A sound art project in cooperation with the National Mill Day of Portugal and the Lusófona University
The use of wind energy as natural, sustainable technology has a long tradition in Portugal. About 3000 windmills were still in operation and played an important role in the agriculturally oriented economy of the country in the mid-1960s. Structural changes within the economy, dominance of new round-the-clock productivity oriented technologies and urbanisation trends of the post-WWII society have ever since contributed to a further declination both in terms of number as well as state of the remaining windmills. However, a new level of awareness regarding their cultural importance and the necessity for preservation emerged from this loss.
Windmills have in the meantime been declared cultural heritage, and as such are not only put under protection but also, in order to escape the fate of becoming a pure monument of the past times, their presence and visibility call for new, responsible yet challenging concepts and a constant rethinking of relationships between the past and present. Only by reflecting upon this from different perspectives, a necessary amount of ideas and diverse approaches can collect over time and generate further cultural values.
In addition to their functional purpose, rotating windmill blades produce sound. Their audible aesthetic peculiarity consists first of all of the spatial sound resulting from the interaction of the pure wind with the surface of the blades in the landscape. In addition, numerous Portuguese windmills in the southwestern coastal strip are equipped with approximately 50 resonating bodies, tuned in different
frequencies, which are mounted on the windmill blades of each such windmill. There are different types of sound vessels: "buzinas "(buzzers), "canudas" (double flutes) and "jarras" (vases), made of clay jars, conch shells, reeds, cane, or tin cans.
The Sound Art project Circulating Sounds focuses on the sonic aspects of these mills in order to research and document changing, rotating sounds in the landscape and urban context.

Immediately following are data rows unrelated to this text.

Lemma Rabs_le_of_fpow_le p N x eta j : 0 < p -> 0 < eta -> (j < N)%nat ->
  fpow p N x <= Rpower eta p -> Rabs (x j) <= eta.
Proof.
  intros Hp Heta Hj Hx.
  assert (Hxj : abspow (x j) p <= Rpower eta p).
  { eapply Rle_trans; [|exact Hx].
    apply (rsum_term_le N (fun i => abspow (x i) p)); [intros; apply abspow_ge0 | exact Hj]. }
  destruct (Req_dec (x j) 0) as [->|Hxj0]; [rewrite Rabs_R0; lra|].
  rewrite abspow_Rpower in Hxj by exact Hxj0.
  apply Rnot_lt_le. intros Hlt.
  assert (Rpower eta p < Rpower (Rabs (x j)) p) by (apply Rlt_Rpower_l; lra). lra.
Qed.

Definition axpy (x : nat -> R) (s : R) (d : nat -> R) : nat -> R := fun j => x j + s * d j.

Definition grad_dot (p : R) (N : nat) (x d : nat -> R) : R :=
  rsum N (fun j => dabspow p (x j) * d j).

Lemma fpow_axpy_0 p N x d : fpow p N (axpy x 0 d) = fpow p N x.
Proof. apply rsum_ext. intros; unfold axpy. rewrite Rmult_0_l, Rplus_0_r. reflexivity. Qed.

Lemma derivable_pt_lim_affine a b t : derivable_pt_lim (fun s => a + s * b) t b.
Proof.
  intros eps Heps. exists (mkposreal eps Heps). intros h Hh _.
  replace ((a + (t + h) * b - (a + t * b)) / h - b) with 0 by (field; exact Hh).
  rewrite Rabs_R0. exact Heps.
Qed.

Lemma derivable_pt_lim_fpow_axpy p N x d : 1 < p ->
  derivable_pt_lim (fun s => fpow p N (axpy x s d)) 0 (grad_dot p N x d).
Proof.
  intros Hp. induction N as [|N IH]; simpl.
  - apply derivable_pt_lim_const.
  - apply (derivable_pt_lim_plus _ (fun s => abspow (x N + s * d N) p)); [exact IH|].
    apply (derivable_pt_lim_comp (fun s => x N + s * d N) (fun t => abspow t p)).
    + apply derivable_pt_lim_affine.
    + rewrite Rmult_0_l, Rplus_0_r. apply derivable_pt_lim_abspow, Hp.
Qed.

Lemma derivable_pt_lim_0_right_below phi l k :
  derivable_pt_lim phi 0 l -> l < k ->
  exists delta, 0 < delta /\ forall s, 0 < s < delta -> phi s < phi 0 + k * s.
Proof.
  intros Hphi Hlk. destruct (Hphi (k - l) ltac:(lra)) as [delta Hdelta].
  exists delta. split; [apply cond_pos|]. intros s [Hs Hsd].
  assert (Hq := Hdelta s ltac:(lra) ltac:(rewrite Rabs_right; lra)).
  rewrite Rplus_0_l in Hq. apply Rabs_def2 in Hq.
  assert (Hquot : (phi s - phi 0) / s < k) by lra.
  apply (Rmult_lt_compat_l s) in Hquot; [|exact Hs].
  field_simplify in Hquot; lra.
Qed.

Lemma fpow_axpy_descent p N x d : 1 < p -> grad_dot p N x d < 0 ->
  exists delta, 0 < delta /\ forall s, 0 < s < delta -> fpow p N (axpy x s d) < fpow p N x.
Proof.
  intros Hp Hd.
  destruct (derivable_pt_lim_0_right_below _ _ 0 (derivable_pt_lim_fpow_axpy p N x d Hp) Hd)
    as [delta [Hdelta Hs]].
  exists delta. split; [exact Hdelta|]. intros s Hsd. specialize (Hs s Hsd).
  rewrite fpow_axpy_0 in Hs.
  lra.
Qed.

Lemma fpow_axpy_lt p N x d b : 1 < p -> fpow p N x < b ->
  exists delta, 0 < delta /\ forall s, 0 < s < delta -> fpow p N (axpy x s d) < b.
Proof.
  intros Hp Hb. set (k := Rabs (grad_dot p N x d) + 1).
  destruct (derivable_pt_lim_0_right_below _ _ k (derivable_pt_lim_fpow_axpy p N x d Hp))
    as [delta [Hdelta Hs]]; [unfold k; assert (H := Rle_abs (grad_dot p N x d)); lra|].
  assert (Hk : 0 < k) by (unfold k; assert (H := Rabs_pos (grad_dot p N x d)); lra).
  exists (Rmin delta ((b - fpow p N x) / k)).
  split; [apply Rmin_pos; [exact Hdelta | apply Rdiv_lt_0_compat; lra]|].
  intros s [Hs0 Hsm]. assert (Hsd := Rlt_le_trans _ _ _ Hsm (Rmin_l _ _)).
  assert (Hsb := Rlt_le_trans _ _ _ Hsm (Rmin_r _ _)).
  specialize (Hs s (conj Hs0 Hsd)).
  rewrite fpow_axpy_0 in Hs.
  apply (Rmult_lt_compat_l k) in Hsb; [|exact Hk].
  field_simplify in Hsb; lra.
Qed.

Definition sqres m N A y x : R := dot m (resid m N A y x) (resid m N A y x).

Lemma optimal_sqres_le p m N A y eta xs z : 0 < p -> 0 < eta ->
  optimal p m N A y eta xs -> fpow p N z <= Rpower eta p -> sqres m N A y xs <= sqres m N A y z.
Proof.
  intros Hp Heta [_ Hmin] Hz. apply sqrt_le_0; [apply dot_self_ge0 .. |].
  apply Hmin, pnorm_le_iff; assumption.
Qed.

Lemma optimal_intro p m N A y eta xs : 0 < p -> 0 < eta ->
  fpow p N xs <= Rpower eta p ->
  (forall z, fpow p N z <= Rpower eta p -> sqres m N A y xs <= sqres m N A y z) ->
  optimal p m N A y eta xs.
Proof.
  intros Hp Heta Hxs Hmin. split; [apply pnorm_le_iff; assumption|].
  intros z Hz. apply sqrt_le_1_alt, Hmin, pnorm_le_iff; assumption.
Qed.

Lemma resid_axpy m N A y x s d i :
  resid m N A y (axpy x s d) i = resid m N A y x i + s * matvec N A d i.
Proof.
  unfold resid, matvec, axpy. rewrite <- rsum_scal.
  rewrite (rsum_ext N _ (fun j => A i j * x j + s * (A i j * d j))) by (intros; ring).
  rewrite rsum_add. ring.
Qed.

Lemma sqres_axpy m N A y x s d :
  sqres m N A y (axpy x s d) = sqres m N A y x
    + 2 * s * dot N (tmatvec m A (resid m N A y x)) d
    + s * s * dot m (matvec N A d) (matvec N A d).
Proof.
  rewrite <- dot_tmatvec. unfold sqres, dot.
  rewrite (rsum_ext m _ (fun i => resid m N A y x i * resid m N A y x i
      + (2 * s * (resid m N A y x i * matvec N A d i)
         + s * s * (matvec N A d i * matvec N A d i))))
    by (intros; rewrite resid_axpy; ring).
  rewrite !rsum_add, !rsum_scal. ring.
Qed.

Lemma sqres_midpoint_le m N A y x1 x2 :
  sqres m N A y (fun j => (x1 j + x2 j) / 2) <= (sqres m N A y x1 + sqres m N A y x2) / 2.
Proof.
  unfold sqres, dot. replace (_ / 2) with (rsum m (fun i =>
      / 2 * (resid m N A y x1 i * resid m N A y x1 i)
      + / 2 * (resid m N A y x2 i * resid m N A y x2 i))) by (rewrite rsum_lin; field).
  apply rsum_le. intros i _.
  replace (resid m N A y (fun j => (x1 j + x2 j) / 2) i)
    with ((resid m N A y x1 i + resid m N A y x2 i) / 2).
  - assert (H := Rle_0_sqr (resid m N A y x1 i - resid m N A y x2 i)). unfold Rsqr in H. lra.
  - unfold resid, matvec.
    rewrite (rsum_ext N (fun j => A i j * ((x1 j + x2 j) / 2))
      (fun j => / 2 * (A i j * x1 j) + / 2 * (A i j * x2 j))) by (intros; field).
    rewrite rsum_lin. field.
Qed.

It will fosten to contact owners of windmills interested in a dialogue of art and culture on the topic of soundscapes with the aim of raising awareness for sound phenomena in the nature and society as well as sound art as a multidimensional spacial and temporal art form.
The sound map is part of the project Circulating Sounds. As an attempt of audible memorial it is like an archive a data base for the public. Furthermore, it will provide a valuable foundation for further artistic and scientific research, production of cultural content (e.g. for strengthening rural areas).
Technically, a sound map is a digital interface that embeds a variety of audio recordings into a kind of audible geographical structure. This is how the sound map works: as soon as the user clicks on a symbol on the interactive map of Portugal, she or he immediately will hear the corresponding location-specific sound of a windmill.
The Lusófona University will open together with the sound artist Jutta Ravenna (Berlin), the initiator of the project, a dialogue of art and culture between Portuguese artists, local festivals, cultural organisations, and owners of windmills interested in on the topic of soundscapes with the aim of raising awareness for sound phenomena in the nature and society as well as sound art as a multidimensional spacial and temporal art form.
Every year on April 7 most of the sounding windmills open their doors on the occasion of the Portuguese mill festival, the "Dia National dos Moinhos", as many mills as possible are made freely accessible to the public throughout the country.